(* For $\eta\in\mathbb{R}$, let $\mathfrak{s}_\eta=\mathfrak{r}_\eta\ltimes_{\mu_\eta}\mathbb{R}^4$, where $\mathfrak{r}_\eta=\langle e_1,e_2,e_3\rangle$ has non-zero brackets $[e_1,e_2]=e_2+\eta e_3$, $[e_1,e_3]=-\eta e_2+e_3$, $\mathbb{R}^4=\langle e_4,e_5,e_6,e_7\rangle$ is abelian, and $\mu_\eta:\mathfrak{r}_\eta\to\mathfrak{gl}(4,\mathbb{R})$ is given (in the basis $e_4,\dots,e_7$) by \[ \mu_\eta(e_1)=\begin{pmatrix}-\frac12&0&0&0\\0&-\frac12&0&0\\0&0&\frac12&\eta\\0&0&-\eta&\frac12\end{pmatrix},\ \mu_\eta(e_2)=\begin{pmatrix}0&0&0&0\\0&0&0&0\\0&-1&0&0\\-1&0&0&0\end{pmatrix},\ \mu_\eta(e_3)=\begin{pmatrix}0&0&0&0\\0&0&0&0\\-1&0&0&0\\0&1&0&0\end{pmatrix}. \] Then the 3-form $\varphi=e^{123}+e^{145}+e^{167}+e^{246}-e^{257}-e^{347}-e^{356}$ on $\mathfrak{s}_\eta$ (with $(e^i)$ dual to $(e_i)$) is exact, defines an ERP closed $\mathrm{G}_2$-structure, and has intrinsic torsion form $\tau=3e^{45}-3e^{67}$. For $\eta=0$ the Lie algebra is completely solvable, while for $\eta\neq0$ it is solvable but not completely solvable, and the Lie algebras $\mathfrak{s}_\eta$, $\eta\ge0$, are pairwise non-isomorphic.
   Context: $\mathfrak{r}\ltimes_\mu\mathbb{R}^4$ denotes the semidirect product with bracket $[X,v]=\mu(X)v$ for $X\in\mathfrak{r}$, $v\in\mathbb{R}^4$. A $\mathrm{G}_2$-structure on a 7-dimensional Lie algebra is a 3-form $\varphi$ equal to $e^{123}+e^{145}+e^{167}+e^{246}-e^{257}-e^{347}-e^{356}$ in some basis; it determines an inner product $g_\varphi$ (making that basis orthonormal), a Hodge star $*_\varphi$ and norm $|\cdot|_\varphi$. It is closed if $d\varphi=0$ ($d$ the Chevalley–Eilenberg differential); then its intrinsic torsion form is the unique 2-form $\tau$ with $\tau\wedge*_\varphi\varphi=0$ and $d*_\varphi\varphi=\tau\wedge\varphi$. It is ERP if $d\tau=\frac16|\tau|_\varphi^2\varphi+\frac16*_\varphi(\tau\wedge\tau)$. A solvable Lie algebra is completely solvable if all $\mathrm{ad}_X$ have only real eigenvalues. *)

(* Real numbers are modelled by an arbitrary real closed
   field R (elementarily equivalent to the reals). *)
From HB Require Import structures.
From mathcomp Require Import all_boot all_order all_algebra.
Set Implicit Arguments. Unset Strict Implicit. Unset Printing Implicit Defensive.
Import Order.TTheory GRing.Theory Num.Theory.
Local Open Scope ring_scope.

Section G2.
Variable R : rcfType.

(* Lie algebras on R^n given on the basis e_0..e_(n-1):                *)
(*   brk i j = [e_i, e_j] as a row vector of coordinates.             *)
Definition lie_bracket n (brk : 'I_n -> 'I_n -> 'rV[R]_n) (x y : 'rV[R]_n)
  : 'rV[R]_n := \sum_(i < n) \sum_(j < n) (x 0 i * y 0 j) *: brk i j.

Definition basis_vec n (i : 'I_n) : 'rV[R]_n := delta_mx 0 i.

(* matrix of ad_x acting on row vectors: v *m ad_mx x = [x, v] *)
Definition ad_mx n (brk : 'I_n -> 'I_n -> 'rV[R]_n) (x : 'rV[R]_n) : 'M[R]_n :=
  \matrix_(i < n) lie_bracket brk x (basis_vec i).

Definition derived n (brk : 'I_n -> 'I_n -> 'rV[R]_n) (A : 'M[R]_n) : 'M[R]_n :=
  (\sum_(i < n) \sum_(j < n) <<lie_bracket brk (row i A) (row j A)>>)%MS.

Definition solvable_lie n (brk : 'I_n -> 'I_n -> 'rV[R]_n) : Prop :=
  exists k, \rank (iter k (derived brk) 1%:M) = 0%N.

(* a + i b is an eigenvalue of the complexification of the endomorphism
   v |-> v *m A, i.e. A (u + i v) = (a + i b)(u + i v) with u + i v <> 0 *)
Definition complex_eigenvalue n (A : 'M[R]_n) (a b : R) : Prop :=
  exists u v : 'rV[R]_n, (u != 0 \/ v != 0) /\
    u *m A = a *: u - b *: v /\ v *m A = b *: u + a *: v.

Definition only_real_eigenvalues n (A : 'M[R]_n) : Prop :=
  forall a b, complex_eigenvalue A a b -> b = 0.

Definition completely_solvable n (brk : 'I_n -> 'I_n -> 'rV[R]_n) : Prop :=
  solvable_lie brk /\ forall x, only_real_eigenvalues (ad_mx brk x).

Definition lie_iso n (brk1 brk2 : 'I_n -> 'I_n -> 'rV[R]_n) : Prop :=
  exists P : 'M[R]_n, P \in unitmx /\
    forall x y, lie_bracket brk1 x y *m P = lie_bracket brk2 (x *m P) (y *m P).

(* Exterior algebra of the dual of R^7: a form is given by its         *)
(* coefficients a S on e^S, S = {s_1 < ... < s_p} (all degrees).      *)
(* a S is also the value a(e_{s_1},...,e_{s_p}).                      *)
Definition form := {ffun {set 'I_7} -> R}.

Definition homog (p : nat) (a : form) : Prop := forall S : {set 'I_7}, #|S| != p -> a S = 0.

Definition shuffle_sign (I J : {set 'I_7}) : R :=
  (-1) ^+ #|[set ij in setX I J | (ij.2 < ij.1)%N]|.

Definition wedge (a b : form) : form :=
  [ffun K : {set 'I_7} => \sum_(I : {set 'I_7} | I \subset K) shuffle_sign I (K :\: I) * a I * b (K :\: I)].

Definition form1 : form := [ffun S : {set 'I_7} => if S == set0 then 1 else 0].
Definition addf (a b : form) : form := [ffun S : {set 'I_7} => a S + b S].
Definition scalef (c : R) (a : form) : form := [ffun S : {set 'I_7} => c * a S].

(* 1-based indexing, as in the paper: e^k for k = 1..7 *)
Definition ix (k : nat) : 'I_7 := inord k.-1.
Definition e1f (k : nat) : form := [ffun S : {set 'I_7} => if S == [set ix k] then 1 else 0].
Definition eup (l : seq nat) : form := foldr (fun k a => wedge (e1f k) a) form1 l.

(* Chevalley--Eilenberg differential (trivial coefficients):
   d a (x_0..x_p) = sum_{i<j} (-1)^(i+j) a([x_i,x_j], x_0..^i..^j..x_p) *)
Definition pos (K : {set 'I_7}) (k : 'I_7) : nat := #|[set i in K | (i < k)%N]|.
(* a(e_m, e_{s_1},...,e_{s_q}) for S = {s_1<...<s_q} *)
Definition eval_front (a : form) (m : 'I_7) (S : {set 'I_7}) : R :=
  if m \in S then 0 else (-1) ^+ pos S m * a (m |: S).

----------

Exercise description
Take every line above that includes "else" and list it.

Exercise answer
Definition form1 : form := [ffun S : {set 'I_7} => if S == set0 then 1 else 0].
Definition e1f (k : nat) : form := [ffun S : {set 'I_7} => if S == [set ix k] then 1 else 0].
  if m \in S then 0 else (-1) ^+ pos S m * a (m |: S).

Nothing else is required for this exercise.